Specializes in Acute Care Cardiac, Education, Prof Practice.

Also as nurses we understand newbies need help. Just try to show that you are thinking about all your situations before you ask about them, and don't be afraid to ask for help and the occasional progress review from the ones you work with the most. I used to ask every few months if there was anything I could change or improve. It shows you respect the staff you are working with, and allows for timely feedback :)

Specializes in PACU, Surgery, Acute Medicine.

I seem to recall things settling in for me at about four months. For most of that time, I felt like I was always running around crazy and I almost never left on time. By four months, though, things just seemed to get better. I can't say exactly why, I can't say I felt more competent, but I just started having more time on the shift and started leaving on time pretty much all the time. I can only chalk that up to more experience. I did also change my practice to focus more on charting up front. That was hard. I felt terrible doing any charting when I knew there were all of these tasks sitting in front of me. But by even popping in parts of my assessments when I passed pm meds, that made it go a whole lot faster when I finished up charting later. I can't say why. The amount of work was the same and the total amount of charting was the same, but I saved a lot of time if I just sucked it up and charted my assessments early on. Try some things out, you will find what works for you!

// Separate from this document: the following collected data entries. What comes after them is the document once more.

Lemma EFin_le_mulinf (R : realType) (c : R) (x y : \bar R) :
  (0 <= x)%E -> (0 <= y)%E ->
  (forall d p, x = d%:E -> y = p%:E -> c <= d * p) -> (c%:E <= mulinf x y)%E.
Proof.
case: x => [d| |] //; case: y => [p| |] // _ _ c_le; rewrite /mulinf /= ?leey //.
by rewrite lee_fin c_le.
Qed.

Lemma mulinf_ge0 (R : realType) (x y : \bar R) :
  (0 <= x)%E -> (0 <= y)%E -> (0 <= mulinf x y)%E.
Proof. by move=> x_ge0 y_ge0; rewrite /mulinf; case: ifP => // _; exact: mule_ge0. Qed.

Lemma is_dist_sum_le1 (R : realType) (T : finType) (p : T -> R) :
  is_dist p -> \sum_i p i <= 1.
Proof. by case=> _ ->. Qed.

Lemma maxAct_ge (R : realType) (A : finType) (G : A -> R) a : G a <= maxAct G.
Proof.
rewrite /maxAct; case: pickP => [a0 _|no_act]; last by have := no_act a.
exact: le_bigmax.
Qed.

Section AgentStateComparison.
Variables (R : realType) (S Y A Z : finType)
  (P : S -> A -> S -> R) (O : S -> A -> Y -> R) (nu : S -> Y -> R)
  (r : S -> A -> R) (gamma : R) (f : Z -> Y -> A -> Z) (init : Y -> Z)
  (xi : S -> Y -> Z -> A -> R) (Qxi : Z -> A -> R) (pistar : Z -> A)
  (F : set (Z -> R)).
Hypothesis P_dist : forall s a, is_dist (P s a).
Hypothesis O_dist : forall s' a, is_dist (O s' a).
Hypothesis nu_dist : is_dist (fun sy : S * Y => nu sy.1 sy.2).
Hypotheses (gamma_ge0 : 0 <= gamma) (gamma_lt1 : gamma < 1).
Hypothesis Qxi_fixpoint : is_Qxi P O r gamma f xi Qxi.
Hypothesis pistar_greedy : forall z, Qxi z (pistar z) = maxAct (Qxi z).

Local Notation hist := (hist Y A).
Local Notation alpha := (alpha P O nu).
Local Notation sigma := (sigma f init).
Local Notation belief := (belief P O nu).
Local Notation rbar := (rbar P O nu r).
Local Notation py := (py P O nu).
Local Notation pz := (pz P O nu f init).
Local Notation possible := (possible P O nu).
Local Notation W := (W P O nu r gamma).
Local Notation Vpi := (Vpi P O nu r gamma).
Local Notation Vstar := (Vstar P O nu r gamma).
Local Notation Qstar := (Qstar P O nu r gamma).
Local Notation rxi := (rxi r xi).
Local Notation Pxi := (Pxi P O f xi).
Local Notation Vxi := (Vxi Qxi).
Local Notation greedy := (pol_of_agent R f init pistar).

Lemma hprev_hext n (h : hist n) a y : hprev (hext h a y) = h.
Proof. by case: h => y0 t; congr pair; apply: val_inj. Qed.

Lemma alpha_hext n (h : hist n) a y s' :
  alpha (hext h a y) s' = \sum_s alpha h s * P s a s' * O s' a y.
Proof. by rewrite /= hprev_hext. Qed.

Lemma sigma_hext n (h : hist n) a y : sigma (hext h a y) = f (sigma h) y a.
Proof. by rewrite /= hprev_hext. Qed.

Lemma alpha_ge0 n (h : hist n) s : 0 <= alpha h s.
Proof.
elim: n h s => [|n IH] h s /=; first exact: (nu_dist.1 (s, h.1)).
apply: sumr_ge0 => s0 _.
by rewrite !mulr_ge0 ?IH ?(P_dist _ _).1 ?(O_dist _ _).1.
Qed.

Lemma belief_ge0 n (h : hist n) s : 0 <= belief h s.
Proof.
by rewrite divr_ge0 ?alpha_ge0 //; apply: sumr_ge0 => s' _; exact: alpha_ge0.
Qed.

Lemma sum_belief_le1 n (h : hist n) : \sum_s belief h s <= 1.
Proof.
rewrite -mulr_suml.
have [->|mass_neq0] := eqVneq (\sum_s alpha h s) 0; first by rewrite invr0 mulr0.
by rewrite mulfV.
Qed.

Lemma py_ge0 n (h : hist n) a y : 0 <= py h a y.
Proof.
apply: sumr_ge0 => s _; rewrite mulr_ge0 ?belief_ge0 //.
by apply: sumr_ge0 => s' _; rewrite mulr_ge0 ?(P_dist _ _).1 ?(O_dist _ _).1.
Qed.

Lemma sum_py n (h : hist n) a : \sum_y py h a y = \sum_s belief h s.
Proof.
rewrite exchange_big /=; apply: eq_bigr => s _.
rewrite -mulr_sumr exchange_big /= (eq_bigr (P s a)) ?(P_dist s a).2 ?mulr1 //.
by move=> s' _; rewrite -mulr_sumr (O_dist s' a).2 mulr1.
Qed.

Lemma sum_py_le1 n (h : hist n) a : \sum_y py h a y <= 1.
Proof. by rewrite sum_py sum_belief_le1. Qed.

Lemma possible_hext n (h : hist n) a y :
  possible h -> 0 < py h a y -> possible (hext h a y).
Proof.
rewrite /Defs.possible => mass_gt0 py_gt0.
suff -> : \sum_s' alpha (hext h a y) s' = (\sum_s alpha h s) * py h a y.
  exact: mulr_gt0.
rewrite (eq_bigr _ (fun s' _ => alpha_hext h a y s')) exchange_big /=.
rewrite mulr_sumr; apply: eq_bigr => s _.
rewrite mulrA [X in X * _]mulrCA mulfV ?gt_eqF // mulr1 mulr_sumr.
by apply: eq_bigr => s' _; rewrite mulrA.
Qed.

Lemma py_avg_le n (h : hist n) a (D : Y -> R) b : possible h -> 0 <= b ->
  (forall y, possible (hext h a y) -> D y <= b) -> \sum_y py h a y * D y <= b.
Proof.
move=> h_poss b_ge0 D_le.
apply: (subprob_avg_le (py_ge0 h a) (sum_py_le1 h a)) => // y py_gt0.
exact/D_le/possible_hext.
Qed.

Lemma py_avg_norm_le n (h : hist n) a (D : Y -> R) b : possible h -> 0 <= b ->
  (forall y, possible (hext h a y) -> `|D y| <= b) ->
  `|\sum_y py h a y * D y| <= b.
Proof.
move=> h_poss b_ge0 D_le.
apply: (subprob_avg_norm_le (py_ge0 h a) (sum_py_le1 h a)) => // y py_gt0.
exact/D_le/possible_hext.
Qed.

Lemma sum_pz n (h : hist n) a (G : Z -> R) :
  \sum_z G z * pz h a z = \sum_y py h a y * G (sigma (hext h a y)).
Proof.
under eq_bigr do rewrite mulr_sumr.
rewrite exchange_big; apply: eq_bigr => y _.
rewrite sigma_hext -(sum_indicator_mul G (f (sigma h) y a)) mulr_sumr.
by apply: eq_bigr => z _; rewrite eq_sym; ring.
Qed.

Definition rmax := \big[Num.max/0]_(sa : S * A) `|r sa.1 sa.2|.

Lemma rbar_norm_le n (h : hist n) a : `|rbar h a| <= rmax.
Proof.
apply: (subprob_avg_norm_le (belief_ge0 h) (sum_belief_le1 h)) => [|s _].
  exact: bigmax_ge_id.
exact: (le_bigmax _ (fun sa : S * A => `|r sa.1 sa.2|) (s, a)).
Qed.

Definition backup n (h : hist n) a (X : forall m, hist m -> R) : R :=
  rbar h a + gamma * \sum_y py h a y * X _ (hext h a y).

Lemma backupB n (h : hist n) a (X X' : forall m, hist m -> R) :
  backup h a X - backup h a X' =
  gamma * \sum_y py h a y * (X _ (hext h a y) - X' _ (hext h a y)).
Proof.
rewrite /backup opprD addrACA subrr add0r -mulrBr -sumrB.
by congr (_ * _); apply: eq_bigr => y _; rewrite mulrBr.
Qed.

Lemma W_succ (pol : policy R Y A) N n (h : hist n) :
  W pol N.+1 h = \sum_a pol n h a * backup h a (W pol N).
Proof. by []. Qed.

Lemma W_increment_le (pol : policy R Y A) : is_policy pol ->
  forall N n (h : hist n), `|W pol N.+1 h - W pol N h| <= rmax * gamma ^+ N.
Proof.
move=> pol_dist; have rmax_ge0 : 0 <= rmax by exact: bigmax_ge_id.
elim=> [|N IH] n h.
  rewrite W_succ subr0 expr0 mulr1.
  apply: (subprob_avg_norm_le (pol_dist n h).1 (is_dist_sum_le1 (pol_dist n h))) => // a _.
  rewrite /backup big1 ?mulr0 ?addr0 ?rbar_norm_le // => y _; exact: mulr0.
rewrite W_succ [W pol N.+1 h]W_succ -sumrB.
under eq_bigr do rewrite -mulrBr backupB.
apply: (subprob_avg_norm_le (pol_dist n h).1 (is_dist_sum_le1 (pol_dist n h))).
  by rewrite mulr_ge0 ?exprn_ge0.
move=> a _; rewrite normrM ger0_norm // exprS mulrCA ler_wpM2l //.
apply: (subprob_avg_norm_le (py_ge0 h a) (sum_py_le1 h a)) => [|y _].
  by rewrite mulr_ge0 ?exprn_ge0.
exact: IH.
Qed.

Lemma W_cvg (pol : policy R Y A) : is_policy pol ->
  forall n (h : hist n), cvgn (fun N => W pol N h).
Proof.
move=> pol_dist n h; apply: (@cvgn_geometric_increments _ _ rmax gamma).
  by rewrite ger0_norm.
by move=> N; exact: W_increment_le.
Qed.

Lemma greedy_is_policy : is_policy greedy.
Proof.
move=> n h; split=> [a|]; first by rewrite ler0n.
rewrite -[RHS](sum_indicator_mul (fun=> 1) (pistar (sigma h))).
by apply: eq_bigr => a _; rewrite mulr1.
Qed.

Lemma W_greedy_succ N n (h : hist n) :
  W greedy N.+1 h = backup h (pistar (sigma h)) (W greedy N).
Proof. exact: sum_indicator_mul. Qed.

Definition reward_err k : R :=
  \big[Num.max/0]_(h : hist k | possible h)
    \big[Num.max/0]_a `|rbar h a - rxi (sigma h) a|.

(* delta_k of the paper, tested on the single function V*_xi *)
Definition transport_err k : R :=
  \big[Num.max/0]_(h : hist k | possible h)
    \big[Num.max/0]_a `|\sum_z Vxi z * pz h a z - \sum_z Vxi z * Pxi (sigma h) a z|.

Definition step_err k := reward_err k + gamma * transport_err k.

Definition disc_err n N := \sum_(k < N) gamma ^+ k * step_err (n + k).

Lemma reward_err_ge0 k : 0 <= reward_err k.
Proof. exact: bigmax_ge_id. Qed.

Lemma transport_err_ge0 k : 0 <= transport_err k.
Proof. exact: bigmax_ge_id. Qed.

Lemma step_err_ge0 k : 0 <= step_err k.
Proof. by rewrite addr_ge0 ?reward_err_ge0 // mulr_ge0 ?transport_err_ge0. Qed.

Lemma le_reward_err n (h : hist n) a : possible h ->
  `|rbar h a - rxi (sigma h) a| <= reward_err n.
Proof.
move=> h_poss; apply: le_trans (le_bigmax_cond _ _ h_poss).
exact: (le_bigmax _ (fun a => `|rbar h a - rxi (sigma h) a|)).
Qed.

Lemma le_transport_err n (h : hist n) a : possible h ->
  `|\sum_z Vxi z * pz h a z - \sum_z Vxi z * Pxi (sigma h) a z| <= transport_err n.
Proof.
move=> h_poss; apply: le_trans (le_bigmax_cond _ _ h_poss).
exact: (le_bigmax _ (fun a =>
  `|\sum_z Vxi z * pz h a z - \sum_z Vxi z * Pxi (sigma h) a z|)).
Qed.

Lemma disc_err0 n : disc_err n 0 = 0.
Proof. by rewrite /disc_err big_ord0. Qed.

Lemma disc_err_succ n N : disc_err n N.+1 = step_err n + gamma * disc_err n.+1 N.
Proof.
rewrite /disc_err big_ord_recl /= expr0 mul1r addn0 mulr_sumr; congr (_ + _).
by apply: eq_bigr => k _; rewrite /bump /= add1n exprS -mulrA addSnnS.
Qed.

Lemma disc_err_ge0 n N : 0 <= disc_err n N.
Proof. by apply: sumr_ge0 => k _; rewrite mulr_ge0 ?exprn_ge0 ?step_err_ge0. Qed.

Lemma backup_sub_Qxi_le n (h : hist n) a (X : forall m, hist m -> R) :
  possible h ->
  `|backup h a X - Qxi (sigma h) a
     - gamma * \sum_y py h a y * (X _ (hext h a y) - Vxi (sigma (hext h a y)))|
  <= step_err n.
Proof.
move=> h_poss.
suff -> : backup h a X - Qxi (sigma h) a
     - gamma * \sum_y py h a y * (X _ (hext h a y) - Vxi (sigma (hext h a y)))
   = (rbar h a - rxi (sigma h) a)
     + gamma * (\sum_z Vxi z * pz h a z - \sum_z Vxi z * Pxi (sigma h) a z).
  apply: le_trans (ler_normD _ _) _; rewrite normrM ger0_norm //.
  by rewrite lerD ?le_reward_err // ler_wpM2l ?le_transport_err.
have Pxi_avg : \sum_z Vxi z * Pxi (sigma h) a z
             = \sum_z Pxi (sigma h) a z * maxAct (Qxi z).
  by apply: eq_bigr => z _; rewrite mulrC.
rewrite /backup Pxi_avg sum_pz (Qxi_fixpoint (sigma h) a).
under [X in _ - gamma * X]eq_bigr do rewrite mulrBr.
rewrite sumrB; ring.
Qed.

Definition vmax := \big[Num.max/0]_z `|Vxi z|.

Lemma Vxi_norm_le z : `|Vxi z| <= vmax.
Proof. exact: (le_bigmax _ (fun z => `|Vxi z|)). Qed.

Lemma disc_err_slack_ge0 n N : 0 <= disc_err n N + vmax * gamma ^+ N.
Proof. by rewrite addr_ge0 ?disc_err_ge0 // mulr_ge0 ?exprn_ge0 ?bigmax_ge_id. Qed.

Lemma W_sub_Vxi_le (pol : policy R Y A) : is_policy pol ->
  forall N n (h : hist n), possible h ->
  W pol N h - Vxi (sigma h) <= disc_err n N + vmax * gamma ^+ N.
Proof.
move=> pol_dist; elim=> [|N IH] n h h_poss.
  rewrite disc_err0 expr0 mulr1 /= !add0r.
  by have := Vxi_norm_le (sigma h); rewrite ler_norml => /andP[? ?]; lra.
have [pol_ge0 pol_sum1] := pol_dist n h.
rewrite W_succ -[Vxi (sigma h)]mul1r -pol_sum1 mulr_suml -sumrB.
under eq_bigr do rewrite -mulrBr.
apply: (subprob_avg_le pol_ge0 (is_dist_sum_le1 (pol_dist n h))) => [|a _].
  exact: disc_err_slack_ge0.
have Qxi_le : Qxi (sigma h) a <= Vxi (sigma h) := maxAct_ge _ a.
have backup_le := ler_normlW (backup_sub_Qxi_le a (W pol N) h_poss).
have next_le : \sum_y py h a y * (W pol N (hext h a y) - Vxi (sigma (hext h a y)))
    <= disc_err n.+1 N + vmax * gamma ^+ N.
  by apply: py_avg_le => // [|y]; [exact: disc_err_slack_ge0 | exact: IH].
have := ler_wpM2l gamma_ge0 next_le.
rewrite disc_err_succ exprS; lra.
Qed.

Lemma Vxi_sub_W_greedy_le N n (h : hist n) : possible h ->
  Vxi (sigma h) - W greedy N h <= disc_err n N + vmax * gamma ^+ N.
Proof.
elim: N n h => [|N IH] n h h_poss.
  rewrite disc_err0 expr0 mulr1 /= add0r subr0.
  by have := Vxi_norm_le (sigma h); rewrite ler_norml => /andP[? ?]; lra.
rewrite W_greedy_succ.
set a := pistar (sigma h).
have Vxi_Qxi : Vxi (sigma h) = Qxi (sigma h) a by rewrite /Defs.Vxi pistar_greedy.
have := backup_sub_Qxi_le a (W greedy N) h_poss.
rewrite ler_norml => /andP[backup_ge _].
have next_le : \sum_y py h a y * (Vxi (sigma (hext h a y)) - W greedy N (hext h a y))
    <= disc_err n.+1 N + vmax * gamma ^+ N.
  by apply: py_avg_le => // [|y]; [exact: disc_err_slack_ge0 | exact: IH].
have next_opp : \sum_y py h a y * (W greedy N (hext h a y) - Vxi (sigma (hext h a y)))
    = - \sum_y py h a y * (Vxi (sigma (hext h a y)) - W greedy N (hext h a y)).
  by rewrite -sumrN; apply: eq_bigr => y _; rewrite -mulrN opprB.
have := ler_wpM2l gamma_ge0 next_le.
rewrite next_opp in backup_ge; rewrite disc_err_succ exprS Vxi_Qxi; lra.
Qed.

Sounds to me like your ratios are certainly reasonable.

Make use of bed alarms, posie beds if your facility allows them and anyother means that will make you feel like you do not have to hover of the pt.........

It seems to me though like you are experiencing what we all experience....

Learning your routine and ddeveloping your time management skills....

That being said, some shifts will just be INSANE. Just the other day I did not leave my 7a to 7p shift until 2230........absolutely zero charting was done during my shift ........sigh........

Specializes in Critical Care, Education.

I would bet that many of your colleagues feel the same way. The whole 'experience' thing has another effect - besides improving your clinical skills; it also changes the way you interpret things. Even though I hate to use trite phrases, eventually the pace and 'chaos' become easier to deal with - your "new normal". Don't beat yourself up, you're just as good (Mommy and nurse) as they are.